Three Key Benefits of Native Advertising | Adtaxi

Three Key Benefits of Native Advertising

Digital Marketing

Jennifer Flanagan

Jul 13 2017


Marketers have known for generations that consumers trust objective editorials more than advertisements, but a recent Time, Inc. study shows that today’s consumers also trust custom content they know is paid for by brands. Marketers have tried various methods for positioning their content as editorials, most notably using advertorials that almost look like a print publication’s or website’s content but aren’t quite the same because publishers require different fonts, numbers of columns and a large disclaimer on the page.

Native advertising has morphed during the last five years to editorials that more aggressively feature the advertiser and its product or service. What marketers, publishers and content brokers call native advertising today can take the form of sponsored content, blog posts, advertorials, Amazon’s native shopping ads and other forms of brand content.

Native advertising is primarily editorial-based, rather than taking the form of a typical display ad, but it often includes more advertiser involvement in the creation of the editorial and much more focus on the advertiser or its product or service. Confused? You’re not alone. Most professional marketers say they aren’t sure what native advertising is or how it works.

Despite the confusion of many, native advertising is hot right now, and ad spending on this format jumped 600 percent between 2014 and 2016, according to a recent Nativo study. If you’re not using native advertising in your marketing efforts, you’re missing out on three key benefits this marketing communication format offers.

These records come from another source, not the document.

Lemma fspan_sspan k z : fspan m (ipow m k) Y z -> sspan m k Y z.
Proof.
move=> [n [b [y [Hi ->]]]]; have [Y_ctens Y0 YD Yact] := Y_submodule.
split.
  by apply: Y_ctens; apply: (tsum_closed (P := Y)) => // i /Hi[_]; apply: Yact.
pose b' i := if (i < n)%N then b i else 0.
pose y' i := if (i < n)%N then y i else tzero X.
exists b', y', (fun i => if (i < n)%N then k else k + i)%N; split; [|split].
- move=> i; rewrite /b' /y'; case: ifP => [/Hi[]|_] //.
  by split=> //; [exact: leq_addr | exact: ipow0].
- by move=> k'; exists (n + k')%N => i hi; case: ltnP => //; lia.
- move=> k'; exists n => N hN phi _.
  rewrite /= (sum_ord_vanishing_tail (f := fun i => tact m (b' i) (y' i) phi) _ hN) => [|i].
    by apply: eq_bigr => i _; rewrite /b' /y' ltn_ord.
  by rewrite /b' /y' leqNgt => /negbTE ->; rewrite /tact; case: pselect.
Qed.

Hypothesis m_noetherian : forall I : B -> Prop, is_ideal I -> fin_gen_ideal I.
Hypothesis Y_pseudoclosed : pseudoclosed m Y.

Lemma ipow_generators k : exists (r : nat) (g : nat -> B),
  (forall l, (l < r)%N -> ipow m k (g l)) /\
  forall j a, ipow m (j + k) a ->
    exists c : nat -> B, (forall l, ipow m j (c l)) /\ a = \sum_(l < r) c l * g l.
Proof.
have [s [Hs gen]] := m_noetherian (ipow_ideal m_ideal k).
exists (size s), (nth 0 s); split=> [l ls|]; first by apply: Hs; apply: mem_nth.
by apply: ipow_gen_coef => // a /gen[c ->]; exists (nth 0 c).
Qed.

Lemma sspan_fspan k z : sspan m k Y z -> fspan m (ipow m k) Y z.
Proof.
move=> [z_ctens [b [y [e [Hi [He Hconv]]]]]].
have [r [g [Hg gen]]] := ipow_generators k.
have coef i : exists ci : nat -> B,
    (forall l, ipow m (e i - k) (ci l)) /\ b i = \sum_(l < r) ci l * g l.
  by have [_ ke hb] := Hi i; apply: gen; rewrite subnK.
have [c Hc] := choice coef.
have y_ctens i : ctens m (y i) by case: Y_submodule => + _ _ _; apply; case: (Hi i).
have He' k' : exists N, forall i, (N <= i)%N -> (k' <= e i - k)%N.
  by have [N hN] := He (k' + k)%N; exists N => i /hN; lia.
exists r, g, (fun l => series m (c^~ l) y); split=> [l lr|].
  split; first exact: Hg.
  apply/Y_pseudoclosed/(sspan_series m_ideal y_ctens (fun i => (Hc i).1 l) He') => i.
  by case: (Hi i).
apply: funext => phi /=; case: (pselect (cont m phi)) => [[k' hk]|hn]; last first.
  by case: z_ctens => -> // _ _; rewrite big1 // => l _; apply: tact_ncont.
have [N1 hN1] := He' k'; have [N0 hN0] := Hconv k'.
rewrite (hN0 (maxn N0 N1) (leq_maxl _ _) phi hk) /=.
under eq_bigr => i _ do rewrite (Hc i).2.
rewrite tsum_regroup //; last by exists k'.
apply: eq_bigr => l _; rewrite tactE; last by exists k'.
symmetry; exact: (series_tsum m_ideal (c := c^~ l) (e := fun i => (e i - k)%N) y_ctens
  (fun i => (Hc i).1 l) (cont_at_shift m_ideal (g l) hk) hN1 (leq_maxr N0 N1)).
Qed.
(* For every $0<\alpha<1$, every fixed integer $r\ge3$, and $k=\mathcal{O}(n^\alpha)$, there exists a binary $(r,k)$-batch code of dimension $n$ with rate $\frac{r}{r+k}$.
   Context: A binary linear code of length $N$ encoding $n$ information bits $x_1,\dots,x_n$ is an $(r,k)$-batch code if for every multiset $\{i_1,\dots,i_k\}$ of indices there exist $k$ mutually disjoint sets $R_1,\dots,R_k$ of coordinates, each of size at most $r$, such that $x_{i_j}$ is a function of the codeword bits indexed by $R_j$. Its rate is $n/N$. *)

From Stdlib Require Import Reals.
From mathcomp Require Import all_boot all_order all_algebra.
Set Implicit Arguments. Unset Strict Implicit. Unset Printing Implicit Defensive.
Import GRing.Theory.

(* x_i is a function of the codeword bits indexed by S: any two messages whose
   codewords agree on S have the same i-th information bit. *)
Definition recovers (n N : nat) (G : 'M['F_2]_(n, N)) (S : {set 'I_N}) (i : 'I_n) : Prop :=
  forall x y : 'rV['F_2]_n,
    (forall t : 'I_N, t \in S -> (x *m G)%R ord0 t = (y *m G)%R ord0 t) -> x ord0 i = y ord0 i.

(* (r,k)-batch code: for every multiset {i_1,...,i_k} of indices (represented
   by a k-indexed family, repetitions allowed) there are k mutually disjoint
   recovery sets of size at most r. *)
Definition is_batch_code (n N : nat) (G : 'M['F_2]_(n, N)) (r k : nat) : Prop :=
  forall idx : 'I_k -> 'I_n,
    exists R : 'I_k -> {set 'I_N},
      (forall j, #|R j| <= r)%N /\
      (forall j j', j != j' -> [disjoint R j & R j']) /\
      (forall j, recovers G (R j) (idx j)).

Definition rate (n N : nat) : rat := GRing.mul (n%:R : rat) (GRing.inv (N%:R : rat)).

Definition bigO_pow (k : nat -> nat) (alpha : R) : Prop :=
  exists (C : R) (n1 : nat), forall n : nat, (n1 <= n)%N ->
    Rle (INR (k n)) (Rmult C (Rpower (INR n) alpha)).

(** Take a hypergraph on the [n] information bits whose edges have at most [r]
    vertices, any two edges share at most one vertex, no three edges form a triangle,
    and every vertex lies on at least [k - 1] edges.  Store the bits followed by one
    parity bit per edge.  In a request the first copy of each index is read directly;
    every further copy of [u] is read from an edge [e] through [u] as the parity of
    [e] plus the other bits of [e].  These edges can be chosen greedily, because each
    of the other [k - 2] requests rules out at most one edge through [u].

    Such hypergraphs are the lines [x = a + i b (mod M)] drawn on [r] columns of
    [Z_M], with slopes [b] from a set admitting no solution of
    [p b1 + s b2 + q b3 = q b1 + p b2 + s b3].  As in Behrend's construction, the
    numbers whose base-[3rd] digit vectors lie on a common sphere form such a set,
    large enough to give [k - 1] slopes when [k = O(n^alpha)] with [alpha < 1].
    With [M] about [n / r] there are at most [n k / r] parity bits, and padding with
    zero columns gives length exactly [n (r + k) / r]. *)

From Stdlib Require Import Reals Lra.
From mathcomp Require Import all_boot all_order all_algebra.
From mathcomp Require Import zify ring.
Set Implicit Arguments. Unset Strict Implicit. Unset Printing Implicit Defensive.
Import GRing.Theory Num.Theory.

Section ZeroPadding.
Variables (n N N' : nat) (G : 'M['F_2]_(n, N)).
Hypothesis leNN' : N <= N'.

Definition pad_columns : 'M['F_2]_(n, N') :=
  \matrix_(i, t) oapp (G i) 0%R (insub (val t)).

Local Notation widen := (widen_ord leNN').

Lemma widen_inj : injective widen.
Proof. by move=> s t /(congr1 val) /= /val_inj. Qed.

Lemma pad_columnsE (x : 'rV['F_2]_n) t :
  (x *m pad_columns)%R ord0 (widen t) = (x *m G)%R ord0 t.
Proof. by rewrite !mxE; apply: eq_bigr => i _; rewrite mxE /= valK. Qed.

Lemma recovers_pad_columns S i : recovers G S i -> recovers pad_columns (widen @: S) i.
Proof.
move=> recS x y agree; apply: recS => t tS.
by rewrite -!pad_columnsE; apply: agree; rewrite imset_f.
Qed.

Lemma batch_code_pad_columns r k : is_batch_code G r k -> is_batch_code pad_columns r k.
Proof.
move=> batch idx; have [R [cardR [disjR recR]]] := batch idx.
exists (fun j => widen @: R j); split; [|split].
- by move=> j; rewrite card_imset //; exact: widen_inj.
- by move=> j j' neq; rewrite imset_disjoint ?disjR //; exact: widen_inj.
- by move=> j; exact: recovers_pad_columns.
Qed.

End ZeroPadding.

Section HypergraphCode.
Variables (n E : nat) (edge : 'I_E -> {set 'I_n}).

Definition incidence_mx : 'M['F_2]_(n, E) := \matrix_(v, e) (v \in edge e)%:R%R.

Definition hypergraph_code : 'M['F_2]_(n, n + E) := row_mx 1%:M%R incidence_mx.

Lemma hypergraph_code_lshift (x : 'rV['F_2]_n) v :
  (x *m hypergraph_code)%R ord0 (lshift E v) = x ord0 v.
Proof. by rewrite mul_mx_row mulmx1 row_mxEl. Qed.

Lemma hypergraph_code_rshift (x : 'rV['F_2]_n) e :
  (x *m hypergraph_code)%R ord0 (rshift n e) = (\sum_(v in edge e) x ord0 v)%R.
Proof.
rewrite mul_mx_row row_mxEr mxE [RHS]big_mkcond /=; apply: eq_bigr => v _.
by rewrite mxE; case: (v \in edge e); rewrite ?mulr1 ?mulr0.
Qed.

Definition sys_set v : {set 'I_(n + E)} := [set lshift E v].

Definition edge_set u e : {set 'I_(n + E)} := rshift n e |: lshift E @: (edge e :\ u).

Lemma recovers_sys_set v : recovers hypergraph_code (sys_set v) v.
Proof. by move=> x y agree; rewrite -!hypergraph_code_lshift; apply: agree; rewrite inE. Qed.
(* Let $F\in\mathrm{Lip}_{\rm loc}(\mathbb{R})$ satisfy $F(p)=p$ for $p\in[0,1]$ and $F(p)\le p$ for $p\in[-1,0]$, and let $g(x)=\max\{1-|x|,0\}$ for $x\in\mathbb{R}$. For $\varepsilon>0$ let $u^\varepsilon$ be the viscosity solution of $u^\varepsilon_t+F(u^\varepsilon_x)=\varepsilon u^\varepsilon_{xx}$ in $\mathbb{R}\times(0,\infty)$, $u^\varepsilon(x,0)=g(x)$, and let $u$ be the viscosity solution of $u_t+F(u_x)=0$ in $\mathbb{R}\times(0,\infty)$, $u(x,0)=g(x)$. Then for every $\varepsilon\in(0,\tfrac14)$, \[ |u^\varepsilon(0,1)-u(0,1)|\ge \frac{\mathrm{e}-1}{\sqrt{\pi}\,\mathrm{e}}\sqrt{\varepsilon}. \] *)

From Stdlib Require Import Reals.
Open Scope R_scope.

Definition loc_lipschitz (F : R -> R) : Prop :=
  forall M : R, exists L : R, forall p q : R,
    Rabs p <= M -> Rabs q <= M -> Rabs (F p - F q) <= L * Rabs (p - q).

Definition g (x : R) : R := Rmax (1 - Rabs x) 0.

Definition continuous2 (f : R -> R -> R) : Prop :=
  forall x t eps, 0 < eps -> exists d, 0 < d /\
    forall y s, Rabs (y - x) < d -> Rabs (s - t) < d ->
      Rabs (f y s - f x t) < eps.

Definition BUC_half (u : R -> R -> R) : Prop :=
  (exists M, forall x t, 0 <= t -> Rabs (u x t) <= M) /\
  (forall eps, 0 < eps -> exists d, 0 < d /\
    forall x t y s, 0 <= t -> 0 <= s -> Rabs (y - x) < d -> Rabs (s - t) < d ->
      Rabs (u y s - u x t) < eps).

Definition C1_with (phi phit phix : R -> R -> R) : Prop :=
  (forall x t, derivable_pt_lim (fun s => phi x s) t (phit x t)) /\
  (forall x t, derivable_pt_lim (fun y => phi y t) x (phix x t)) /\
  continuous2 phi /\ continuous2 phit /\ continuous2 phix.

Definition C12_with (phi phit phix phixx : R -> R -> R) : Prop :=
  C1_with phi phit phix /\
  (forall x t, derivable_pt_lim (fun y => phix y t) x (phixx x t)) /\
  continuous2 phixx.

Definition loc_max_at (u phi : R -> R -> R) (x0 t0 : R) : Prop :=
  exists r, 0 < r /\ forall x t, 0 < t -> Rabs (x - x0) < r -> Rabs (t - t0) < r ->
    u x t - phi x t <= u x0 t0 - phi x0 t0.
Definition loc_min_at (u phi : R -> R -> R) (x0 t0 : R) : Prop :=
  exists r, 0 < r /\ forall x t, 0 < t -> Rabs (x - x0) < r -> Rabs (t - t0) < r ->
    u x t - phi x t >= u x0 t0 - phi x0 t0.

Definition visc_sol_viscous (F : R -> R) (eps : R) (g0 : R -> R)
  (u : R -> R -> R) : Prop :=
  (forall x, u x 0 = g0 x) /\
  (forall x t e, 0 <= t -> 0 < e -> exists d, 0 < d /\
     forall y s, 0 <= s -> Rabs (y - x) < d -> Rabs (s - t) < d ->
       Rabs (u y s - u x t) < e) /\
  (forall phi phit phix phixx x0 t0, 0 < t0 -> C12_with phi phit phix phixx ->
     loc_max_at u phi x0 t0 ->
     phit x0 t0 + F (phix x0 t0) - eps * phixx x0 t0 <= 0) /\
  (forall phi phit phix phixx x0 t0, 0 < t0 -> C12_with phi phit phix phixx ->
     loc_min_at u phi x0 t0 ->
     phit x0 t0 + F (phix x0 t0) - eps * phixx x0 t0 >= 0).

Definition visc_sol_HJ (F : R -> R) (g0 : R -> R) (u : R -> R -> R) : Prop :=
  (forall x, u x 0 = g0 x) /\
  (forall x t e, 0 <= t -> 0 < e -> exists d, 0 < d /\
     forall y s, 0 <= s -> Rabs (y - x) < d -> Rabs (s - t) < d ->
       Rabs (u y s - u x t) < e) /\
  (forall phi phit phix x0 t0, 0 < t0 -> C1_with phi phit phix ->
     loc_max_at u phi x0 t0 -> phit x0 t0 + F (phix x0 t0) <= 0) /\
  (forall phi phit phix x0 t0, 0 < t0 -> C1_with phi phit phix ->
     loc_min_at u phi x0 t0 -> phit x0 t0 + F (phix x0 t0) >= 0).

(* The inviscid solution is small at (0, 1): the functions
   c softplus((x - t + 1) / c) + a sqrt(1 + x^2) + c (1 + t) are strict supersolutions of
   u_t + F(u_x) = 0 lying above g, so u(0, 1) <= sqrt eps / 64.
   The viscous solution is large there: with q = sqrt eps, the function
   q lam H((x - t + 1) / (q lam), t / lam^2), where H is the heat flow of the tent max(0, min(s, 4 - s)),
   solves V_t + V_x = eps V_xx, lies below g at t = 0, and has V_x in [-1, 1], where F(p) <= p;
   after small corrections it is a strict subsolution, so u^eps(0, 1) >= sqrt eps (H(0, 1) - 1/64).
   Both comparisons locate a positive interior maximum of the difference, which exists by uniform
   continuity and confinement, and contradict the viscosity inequality there.  Elementary bounds
   on the Gaussian integral give H(0, 1) >= 0.405 > (e - 1) / (sqrt PI e) + 1/32. *)

From Stdlib Require Import Reals Lra Psatz IndefiniteDescription.
From Coquelicot Require Import Coquelicot.
Open Scope R_scope.

Lemma continuity_pt_ex_derive (f : R -> R) x : ex_derive f x -> continuity_pt f x.
Proof. intros H. apply continuity_pt_filterlim. exact (ex_derive_continuous f x H). Qed.

Lemma is_derive_val (f : R -> R) (x l l' : R) : is_derive f x l -> l = l' -> is_derive f x l'.
Proof. intros H ->. exact H. Qed.

Lemma Derive_of_is_derive (f : R -> R) x l : is_derive f x l -> Derive (fun y => f y) x = l.
Proof. apply is_derive_unique. Qed.

Lemma is_derive_sub_const (f : R -> R) x l c :
  is_derive f x l -> is_derive (fun y => f y - c) x l.
Proof.
  intros H. auto_derive; [eexists; exact H|].
  rewrite (Derive_of_is_derive f x l H). ring.
Qed.

Lemma is_derive_second_diff (f1 f2 f3 : R -> R) x l1 l2 l3 :
  is_derive f1 x l1 -> is_derive f2 x l2 -> is_derive f3 x l3 ->
  is_derive (fun y => f1 y - 2 * f2 y + f3 y) x (l1 - 2 * l2 + l3).
Proof.
  intros H1 H2 H3. auto_derive; [repeat split; eexists; eassumption|].
  rewrite (Derive_of_is_derive f1 x l1 H1), (Derive_of_is_derive f2 x l2 H2),
    (Derive_of_is_derive f3 x l3 H3). ring.
Qed.

Lemma le_of_derive_nonneg (f df : R -> R) a b :
  a <= b -> (forall x, a <= x <= b -> is_derive f x (df x)) ->
  (forall x, a <= x <= b -> 0 <= df x) -> f a <= f b.
Proof.
  intros Hab Hd Hp.
  destruct (MVT_gen f a b df) as [c [Hc Heq]];
    rewrite ?Rmin_left, ?Rmax_right in * by lra.
  - intros x Hx. apply Hd. lra.
  - intros x Hx. apply continuity_pt_ex_derive. exists (df x). apply Hd; lra.
  - assert (0 <= df c) by (apply Hp; lra). nra.
Qed.

Lemma Rabs_diff_le_of_derive_interval (f df : R -> R) a b L :
  a <= b -> (forall x, a <= x <= b -> is_derive f x (df x)) ->
  (forall x, a <= x <= b -> Rabs (df x) <= L) -> Rabs (f b - f a) <= L * (b - a).
Proof.
  intros hab Hd Hb. apply Rabs_le_between'.
  enough (L * a - f a <= L * b - f b /\ f a + L * a <= f b + L * b) by lra.
  split; [apply (le_of_derive_nonneg (fun x => L * x - f x) (fun x => L - df x))
         |apply (le_of_derive_nonneg (fun x => f x + L * x) (fun x => df x + L))]; auto;
    try (intros x hx; specialize (Hb x hx); apply Rabs_le_between in Hb; lra);
    intros x hx; auto_derive; try (eexists; apply (Hd x hx));
    rewrite (Derive_of_is_derive f x _ (Hd x hx)); ring.
Qed.

Lemma Rabs_diff_le_of_derive (f df : R -> R) a b L :
  (forall x, is_derive f x (df x)) -> (forall x, Rmin a b <= x <= Rmax a b -> Rabs (df x) <= L) ->
  Rabs (f b - f a) <= L * Rabs (b - a).
Proof.
  intros Hd Hb. destruct (Rle_dec a b) as [h|h].
  - rewrite Rmin_left, Rmax_right in Hb by lra. rewrite (Rabs_right (b - a)) by lra.
    apply (Rabs_diff_le_of_derive_interval f df); auto.
  - rewrite Rmin_right, Rmax_left in Hb by lra.
    rewrite Rabs_minus_sym, (Rabs_minus_sym b), (Rabs_right (a - b)) by lra.
    apply (Rabs_diff_le_of_derive_interval f df); auto; lra.
Qed.

Lemma eq_of_derive_zero (f : R -> R) a b : (forall x, is_derive f x 0) -> f a = f b.
Proof.
  intros H.
  assert (Hle : Rabs (f b - f a) <= 0 * Rabs (b - a)).
  { apply (Rabs_diff_le_of_derive f (fun _ => 0)); auto. intros. rewrite Rabs_R0. lra. }
  rewrite Rmult_0_l in Hle. pose proof (Rabs_pos (f b - f a)).
  assert (Rabs (f b - f a) = 0) as Z%Rabs_eq_0 by lra. lra.
Qed.

Lemma exp_le_compat a b : a <= b -> exp a <= exp b.
Proof. intros [h|h]; [left; apply exp_increasing, h | subst; lra]. Qed.

(** * The Gaussian integral *)

Definition gauss (r : R) : R := exp (- (r * r)).

Lemma gauss_pos x : 0 < gauss x.
Proof. apply exp_pos. Qed.

Lemma gauss_le_1 x : gauss x <= 1.
Proof. unfold gauss. rewrite <- exp_0. apply exp_le_compat. nra. Qed.

Lemma gauss_opp x : gauss (- x) = gauss x.
Proof. unfold gauss. f_equal. ring. Qed.

Lemma gauss_cont x : continuity_pt gauss x.
Proof. apply continuity_pt_ex_derive. unfold gauss. auto_derive. auto. Qed.

Definition gauss_int (z : R) : R := RInt gauss 0 z.

Lemma is_derive_gauss_int z : is_derive gauss_int z (gauss z).
Proof.
  apply (is_derive_RInt gauss gauss_int 0 z); [|apply continuity_pt_filterlim, gauss_cont].
  apply filter_forall. intros b. apply (@RInt_correct R_CompleteNormedModule).
  apply (@ex_RInt_continuous R_CompleteNormedModule).
  intros y _. apply continuity_pt_filterlim, gauss_cont.
Qed.

Lemma Derive_gauss_int z : Derive gauss_int z = gauss z.
Proof. apply is_derive_unique, is_derive_gauss_int. Qed.

Ltac auto_derive_gauss_int :=
  auto_derive; [repeat split; try (eexists; apply is_derive_gauss_int); auto
               | rewrite ?Derive_gauss_int].

Lemma gauss_int_0 : gauss_int 0 = 0.
Proof. apply (@RInt_point R_CompleteNormedModule). Qed.

Lemma gauss_int_opp z : gauss_int (- z) = - gauss_int z.
Proof.
  enough (gauss_int (- z) + gauss_int z = gauss_int (- 0) + gauss_int 0)
    by (rewrite Ropp_0, gauss_int_0 in *; lra).
  apply (eq_of_derive_zero (fun x => gauss_int (- x) + gauss_int x)).
  intros x. auto_derive_gauss_int. rewrite gauss_opp. ring.
Qed.

Lemma gauss_int_le a b : a <= b -> gauss_int a <= gauss_int b.
Proof.
  intros h. apply (le_of_derive_nonneg gauss_int gauss); auto.
  - intros. apply is_derive_gauss_int.
  - intros. left. apply gauss_pos.
Qed.

(* On [a, b], a e^{-x^2} <= x e^{-x^2} <= b e^{-x^2}, and x e^{-x^2} has primitive -e^{-x^2} / 2. *)
Lemma gauss_int_diff_le a b : 0 < a <= b -> gauss_int b - gauss_int a <= (gauss a - gauss b) / (2 * a).
Proof.
  intros [ha hab].
  enough ((gauss a - gauss a) / (2 * a) - (gauss_int a - gauss_int a) <=
          (gauss a - gauss b) / (2 * a) - (gauss_int b - gauss_int a)) by
    (replace ((gauss a - gauss a) / (2 * a) - (gauss_int a - gauss_int a)) with 0 in H
      by (field; lra); lra).
  apply (le_of_derive_nonneg (fun x => (gauss a - gauss x) / (2 * a) - (gauss_int x - gauss_int a))
     (fun x => gauss x * (x / a - 1))); auto.
  - intros x _. unfold gauss at 2 3. auto_derive_gauss_int. unfold gauss. field. lra.
  - intros x hx. pose proof (gauss_pos x). apply Rmult_le_pos; [lra|].
    enough (1 <= x / a) by lra. apply Rle_div_r; lra.
Qed.

Lemma gauss_int_diff_ge a b : 0 < a <= b -> (gauss a - gauss b) / (2 * b) <= gauss_int b - gauss_int a.
Proof.
  intros [ha hab].
  enough ((gauss_int a - gauss_int a) - (gauss a - gauss a) / (2 * b) <=
          (gauss_int b - gauss_int a) - (gauss a - gauss b) / (2 * b)) by
    (replace ((gauss_int a - gauss_int a) - (gauss a - gauss a) / (2 * b)) with 0 in H
      by (field; lra); lra).
  apply (le_of_derive_nonneg (fun x => (gauss_int x - gauss_int a) - (gauss a - gauss x) / (2 * b))
     (fun x => gauss x * (1 - x / b))); auto.
  - intros x _. unfold gauss at 2 3. auto_derive_gauss_int. unfold gauss. field. lra.
  - intros x hx. pose proof (gauss_pos x). apply Rmult_le_pos; [lra|].
    enough (x / b <= 1) by lra. apply Rle_div_l; lra.
Qed.
Let path_dist_le j : (j <= m)%N -> d (u j) t <= d s t.
Proof. by move=> jm; have := @path_dist_sub 0 j jm; rewrite add0n /=; have := ler0n R j; lra. Qed.

(* A vertex of D_lambda(u_j, t) within distance 1 of u_j would be a substrate
   neighbour of u_j, hence a shortcut. *)
Lemma near_targets_sub j : (j < m)%N ->
  Dset gamma lambda d (u j) t (kt (u j)) :\: far (u j) \subset
  [set v | (1 < d (u j) v) && (d (u j) v <= gamma ^ J%:Z)].
Proof.
move=> jm; apply/fintype.subsetP => v; rewrite !inE -leNgt => /andP[-> /andP[_ vt]].
have vt_le : d v t <= lambda * d s t.
  exact: le_trans vt (ler_wpM2l (ltW lambda_gt0) (path_dist_le (ltnW jm))).
have not_adj : ~~ adj E0 (u j) v by apply/negP => /(no_shortcut jm); rewrite ltNge vt_le.
have uv : u j != v by apply/eqP => e; move: vt_le; rewrite -e leNgt (path_far (ltnW jm)).
rewrite andbT ltNge; apply: contra not_adj => dle1.
by apply: (substrate_adj_lt2 d_ge0 E0_sub uv); lra.
Qed.

Lemma card_targets j : (j < m)%N -> phi * gamma ^ kt (u j) / 2 <= #|targets (u j)|%:R.
Proof.
move=> jm; have jm' := ltnW jm.
have dwt_gt0 : 0 < d (u j) t.
  exact: le_lt_trans (mulr_ge0 (ltW lambda_gt0) (d_ge0 s t)) (path_far jm').
have Dset_ge := dH2 (path_neq jm') (scale_indexP gamma_gt1 dwt_gt0).
have lambda_m_lt : phi * (lambda * m%:R) < phi * gamma ^ kt (u j).
  have /andP[_ hi] := scale_indexP gamma_gt1 dwt_gt0.
  rewrite ltr_pM2l //; apply: lt_le_trans hi; apply: lt_trans (path_far jm').
  by rewrite ltr_pM2l // path_len_lt.
have near_small : 2 * #|Dset gamma lambda d (u j) t (kt (u j)) :\: far (u j)|%:R <=
    phi * (lambda * m%:R).
  have c_ge0 : 0 <= A * gamma / (gamma - 1) by rewrite divr_ge0 ?mulr_ge0 ?subr_ge0 ?ltW.
  rewrite mulrA; apply: le_trans m_large; rewrite -mulrA ler_pM2l //.
  apply: le_trans (ler_wpM2l c_ge0 expr_level_le).
  apply: le_trans (card_annulus_le gamma_gt1 dH1 (u j) level_le_Kcap).
  by rewrite ler_nat subset_leq_card ?near_targets_sub.
have := cardsID (far (u j)) (Dset gamma lambda d (u j) t (kt (u j))).
move/(congr1 (fun k : nat => k%:R : R)); rewrite natrD -/(targets (u j)).
rewrite -/(kt (u j)) in Dset_ge; move: Dset_ge lambda_m_lt near_small.
move: (phi * gamma ^ kt (u j)) (phi * (lambda * m%:R)) (#|targets (u j)|%:R) => x y a.
move: (#|_ :\: _|%:R) (#|Dset _ _ _ _ _ _|%:R) => b D; lra.
Qed.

1. Consumer and business empowerment

With more consumers getting most of their daily information digitally, ads in the form of flashing banners, auto-playing videos, and displays with obnoxious, offensive or misleading photos irritate potential customers. Native advertising doesn’t do that. It tells a story, and consumers like storytelling. If an ad is delivered seamlessly along with the non-paid editorial content of trusted websites, it’s even more effective, and that’s what native advertising does. Additionally, publishers like that they have complete control over what’s shown on their sites.

2. Exceptional engagement

Banner ads generate less than 1 percent click-through rates (CTR), while native ads are viewed twice as often as display ads with much higher CTRs than banners. Unlike typical display ads and force-loaded videos, native ads don’t slow down browsers and interrupt what a user is trying to do or read at a site. Native ads invite page visitors to read a story and then decide whether to act on the message.

3. Pinpointed relevance

When marketers use display ads that appear on a site based on the user who is visiting, the message often has nothing to do with that site’s content. For example, a person visiting a golfing website might see ads for cat food, based on his or her recent browsing history. With native advertising, the content is usually relevant to the rest of the site’s content, and it’s delivered via a headline that looks like it belongs on the site. In some cases, a native ad at a website provides better information for a consumer than the article that brought him or her to the site. This builds consumer trust in the marketer, who is providing value to the potential customer.